Lemma finite_index_mulrn (H G : V -> Prop) x : subgroup H -> subgroup G ->
  finite_index H G -> G x -> exists2 n, (0 < n)%N & H (x *+ n).
Proof.
move=> [_ HB] gG [s [_ cov]] Gx.
have cov_m m : exists r, r \in s /\ H (x *+ m - r).
  by have [r rs Hr] := cov _ (subgroup_mulrn m gG Gx); exists r.
pose f m := proj1_sig (constructive_indefinite_description _ (cov_m m)).
have fP m : f m \in s /\ H (x *+ m - f m) := proj2_sig (constructive_indefinite_description _ (cov_m m)).
have [i [j [ij fij]]] := not_injective_into_seq (fun m => proj1 (fP m)).
exists (j - i)%N; first by rewrite subn_gt0.
have -> : x *+ (j - i) = (x *+ j - f j) - (x *+ i - f i).
  by rewrite fij opprB addrA subrK mulrnBr // ltnW.
by apply: HB; [case: (fP j) | case: (fP i)].
Qed.

Lemma lattice_scaled_multiple L a b : (0 < d)%N -> is_lattice L ->
  finite_index (setI_v (mx_image a%:M L) (mx_image b%:M L)) (mx_image b%:M L) ->
  exists n : nat, exists k : int, (0 < n)%N /\ b *+ n = a * k%:~R.
Proof.
move=> d_gt0 latL fi; have gL := lattice_subgroup latL.
have [B [unitB LB]] := latL.
pose i0 := Ordinal d_gt0; pose e : V := delta_mx i0 0.
have Le : L (B *m e).
  by apply/LB; exists (delta_mx i0 0); congr (B *m _); apply/matrixP => i j; rewrite !mxE; case: (_ && _).
have gH : subgroup (setI_v (mx_image a%:M L) (mx_image b%:M L)).
  by apply: subgroupI; apply: subgroup_image.
have bLe : mx_image b%:M L (b%:M *m (B *m e)) by exists (B *m e).
have [n n_gt0 [[_ /LB [z ->] aBz] _]] := finite_index_mulrn gH (subgroup_image _ gL) fi bLe.
exists n, (z i0 0); split=> //.
rewrite !mul_scalar_mx scalerMnl !scalemxAr in aBz.
move/(congr1 (mulmx (invmx B))): aBz; rewrite !mulKmx // => /matrixP /(_ i0 0).
by rewrite !mxE !eqxx mulr1.
Qed.

Lemma commensurate_scaled_rat_equiv L a b : (0 < d)%N -> is_lattice L ->
  commensurate (mx_image a%:M L) (mx_image b%:M L) -> rat_equiv a b.
Proof.
move=> d_gt0 latL [ab ba]; rewrite setI_vC in ab.
have [n [k [n_gt0 bn]]] := lattice_scaled_multiple d_gt0 latL ba.
have [n' [k' [n'_gt0 an']]] := lattice_scaled_multiple d_gt0 latL ab.
have [k0 | k_neq0] := eqVneq k 0.
  move: bn; rewrite k0 mulr0 => /eqP; rewrite mulrn_eq0 (negPf (lt0n_neq0 n_gt0)) => /eqP b0.
  move: an'; rewrite b0 mul0r => /eqP; rewrite mulrn_eq0 (negPf (lt0n_neq0 n'_gt0)) => /eqP ->.
  by exists 1; rewrite oner_neq0 rmorph1 mul1r.
have kR : (k%:~R : R) != 0 by rewrite intr_eq0.
exists (n%:R / k%:~R); split; first by rewrite mulf_neq0 ?invr_eq0 ?intr_eq0 ?pnatr_eq0 -?lt0n.
rewrite rmorphM /= fmorphV ratr_nat rmorph_int; apply: (mulIf kR).
by rewrite mulrAC divfK // -bn mulr_natl.
Qed.

Lemma scaled_images_rat_equiv L M a b : (0 < d)%N -> is_lattice L -> M \in unitmx ->
  commensurate L (mx_image (a *: M) L) -> commensurate L (mx_image (b *: M) L) ->
  rat_equiv a b.
Proof.
move=> d_gt0 latL unitM La Lb; have gL := lattice_subgroup latL.
have ab : commensurate (mx_image (a *: M) L) (mx_image (b *: M) L).
  exact: commensurate_trans (subgroup_image _ gL) (subgroup_image _ gL) (commensurate_sym La) Lb.
apply: (commensurate_scaled_rat_equiv d_gt0 latL).
by have := commensurate_image (invmx M) ab; rewrite !mx_imageM -!scalemxAr mulVmx // !scalemx1.
Qed.

Lemma commensurate_lattice_int L (k : int) : is_lattice L -> k != 0 ->
  commensurate L (mx_image (k%:~R)%:M L).
Proof.
move=> latL k_neq0; have gL := lattice_subgroup latL.
have [B [_ LB]] := latL.
have kL_sub x : mx_image (k%:~R)%:M L x -> L x.
  move=> [_ /LB [z ->] ->]; apply/LB; exists (k *: z).
  by rewrite mul_scalar_mx scalemxAr; congr (B *m _); apply/matrixP => i j; rewrite !mxE intrM.
split; last first.
  exists [:: 0]; split=> [r /[!inE] /eqP -> | g kLg]; first by case: (subgroup_image (k%:~R)%:M gL).
  by exists 0; rewrite ?inE // subr0; split; auto.
(* the residues of the coordinates modulo [k] label the cosets of [k L] *)
pose K := `|k|%N.
pose res (w : 'cV['I_K]_d) : V := B *m map_mx (fun x : 'I_K => (x : nat)%:R) w.
apply: (finite_index_cover (s := map res (enum 'cV['I_K]_d))) => //.
  exact: subgroup_image.
move=> _ /LB [z ->].
have res_lt i j : (`|(z i j %% k)%Z|%N < K)%N.
  by rewrite -ltz_nat !abszE ger0_norm ?modz_ge0 // ltz_mod.
exists (res (\matrix_(i, j) Ordinal (res_lt i j))); first by rewrite map_f ?mem_enum.
exists (B *m map_mx (intmul 1) (\matrix_(i, j) (z i j %/ k)%Z)); first by apply/LB; eexists.
rewrite -mulmxBr mul_scalar_mx scalemxAr; congr (B *m _); apply/matrixP => i j.
rewrite !mxE /= natr_absz ger0_norm ?modz_ge0 //.
by rewrite {1}(divz_eq (z i j) k) intrD intrM mulrC addrK.
Qed.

→ Assigned task: Return the data from the top line through the bottom line exactly.

→ Response box:
Lemma finite_index_mulrn (H G : V -> Prop) x : subgroup H -> subgroup G ->
  finite_index H G -> G x -> exists2 n, (0 < n)%N & H (x *+ n).
Proof.
move=> [_ HB] gG [s [_ cov]] Gx.
have cov_m m : exists r, r \in s /\ H (x *+ m - r).
  by have [r rs Hr] := cov _ (subgroup_mulrn m gG Gx); exists r.
pose f m := proj1_sig (constructive_indefinite_description _ (cov_m m)).
have fP m : f m \in s /\ H (x *+ m - f m) := proj2_sig (constructive_indefinite_description _ (cov_m m)).
have [i [j [ij fij]]] := not_injective_into_seq (fun m => proj1 (fP m)).
exists (j - i)%N; first by rewrite subn_gt0.
have -> : x *+ (j - i) = (x *+ j - f j) - (x *+ i - f i).
  by rewrite fij opprB addrA subrK mulrnBr // ltnW.
by apply: HB; [case: (fP j) | case: (fP i)].
Qed.

Lemma lattice_scaled_multiple L a b : (0 < d)%N -> is_lattice L ->
  finite_index (setI_v (mx_image a%:M L) (mx_image b%:M L)) (mx_image b%:M L) ->
  exists n : nat, exists k : int, (0 < n)%N /\ b *+ n = a * k%:~R.
Proof.
move=> d_gt0 latL fi; have gL := lattice_subgroup latL.
have [B [unitB LB]] := latL.
pose i0 := Ordinal d_gt0; pose e : V := delta_mx i0 0.
have Le : L (B *m e).
  by apply/LB; exists (delta_mx i0 0); congr (B *m _); apply/matrixP => i j; rewrite !mxE; case: (_ && _).
have gH : subgroup (setI_v (mx_image a%:M L) (mx_image b%:M L)).
  by apply: subgroupI; apply: subgroup_image.
have bLe : mx_image b%:M L (b%:M *m (B *m e)) by exists (B *m e).
have [n n_gt0 [[_ /LB [z ->] aBz] _]] := finite_index_mulrn gH (subgroup_image _ gL) fi bLe.
exists n, (z i0 0); split=> //.
rewrite !mul_scalar_mx scalerMnl !scalemxAr in aBz.
move/(congr1 (mulmx (invmx B))): aBz; rewrite !mulKmx // => /matrixP /(_ i0 0).
by rewrite !mxE !eqxx mulr1.
Qed.

Lemma commensurate_scaled_rat_equiv L a b : (0 < d)%N -> is_lattice L ->
  commensurate (mx_image a%:M L) (mx_image b%:M L) -> rat_equiv a b.
Proof.
move=> d_gt0 latL [ab ba]; rewrite setI_vC in ab.
have [n [k [n_gt0 bn]]] := lattice_scaled_multiple d_gt0 latL ba.
have [n' [k' [n'_gt0 an']]] := lattice_scaled_multiple d_gt0 latL ab.
have [k0 | k_neq0] := eqVneq k 0.
  move: bn; rewrite k0 mulr0 => /eqP; rewrite mulrn_eq0 (negPf (lt0n_neq0 n_gt0)) => /eqP b0.
  move: an'; rewrite b0 mul0r => /eqP; rewrite mulrn_eq0 (negPf (lt0n_neq0 n'_gt0)) => /eqP ->.
  by exists 1; rewrite oner_neq0 rmorph1 mul1r.
have kR : (k%:~R : R) != 0 by rewrite intr_eq0.
exists (n%:R / k%:~R); split; first by rewrite mulf_neq0 ?invr_eq0 ?intr_eq0 ?pnatr_eq0 -?lt0n.
rewrite rmorphM /= fmorphV ratr_nat rmorph_int; apply: (mulIf kR).
by rewrite mulrAC divfK // -bn mulr_natl.
Qed.

Lemma scaled_images_rat_equiv L M a b : (0 < d)%N -> is_lattice L -> M \in unitmx ->
  commensurate L (mx_image (a *: M) L) -> commensurate L (mx_image (b *: M) L) ->
  rat_equiv a b.
Proof.
move=> d_gt0 latL unitM La Lb; have gL := lattice_subgroup latL.
have ab : commensurate (mx_image (a *: M) L) (mx_image (b *: M) L).
  exact: commensurate_trans (subgroup_image _ gL) (subgroup_image _ gL) (commensurate_sym La) Lb.
apply: (commensurate_scaled_rat_equiv d_gt0 latL).
by have := commensurate_image (invmx M) ab; rewrite !mx_imageM -!scalemxAr mulVmx // !scalemx1.
Qed.

Lemma commensurate_lattice_int L (k : int) : is_lattice L -> k != 0 ->
  commensurate L (mx_image (k%:~R)%:M L).
Proof.
move=> latL k_neq0; have gL := lattice_subgroup latL.
have [B [_ LB]] := latL.
have kL_sub x : mx_image (k%:~R)%:M L x -> L x.
  move=> [_ /LB [z ->] ->]; apply/LB; exists (k *: z).
  by rewrite mul_scalar_mx scalemxAr; congr (B *m _); apply/matrixP => i j; rewrite !mxE intrM.
split; last first.
  exists [:: 0]; split=> [r /[!inE] /eqP -> | g kLg]; first by case: (subgroup_image (k%:~R)%:M gL).
  by exists 0; rewrite ?inE // subr0; split; auto.
(* the residues of the coordinates modulo [k] label the cosets of [k L] *)
pose K := `|k|%N.
pose res (w : 'cV['I_K]_d) : V := B *m map_mx (fun x : 'I_K => (x : nat)%:R) w.
apply: (finite_index_cover (s := map res (enum 'cV['I_K]_d))) => //.
  exact: subgroup_image.
move=> _ /LB [z ->].
have res_lt i j : (`|(z i j %% k)%Z|%N < K)%N.
  by rewrite -ltz_nat !abszE ger0_norm ?modz_ge0 // ltz_mod.
exists (res (\matrix_(i, j) Ordinal (res_lt i j))); first by rewrite map_f ?mem_enum.
exists (B *m map_mx (intmul 1) (\matrix_(i, j) (z i j %/ k)%Z)); first by apply/LB; eexists.
rewrite -mulmxBr mul_scalar_mx scalemxAr; congr (B *m _); apply/matrixP => i j.
rewrite !mxE /= natr_absz ger0_norm ?modz_ge0 //.
by rewrite {1}(divz_eq (z i j) k) intrD intrM mulrC addrK.
Qed.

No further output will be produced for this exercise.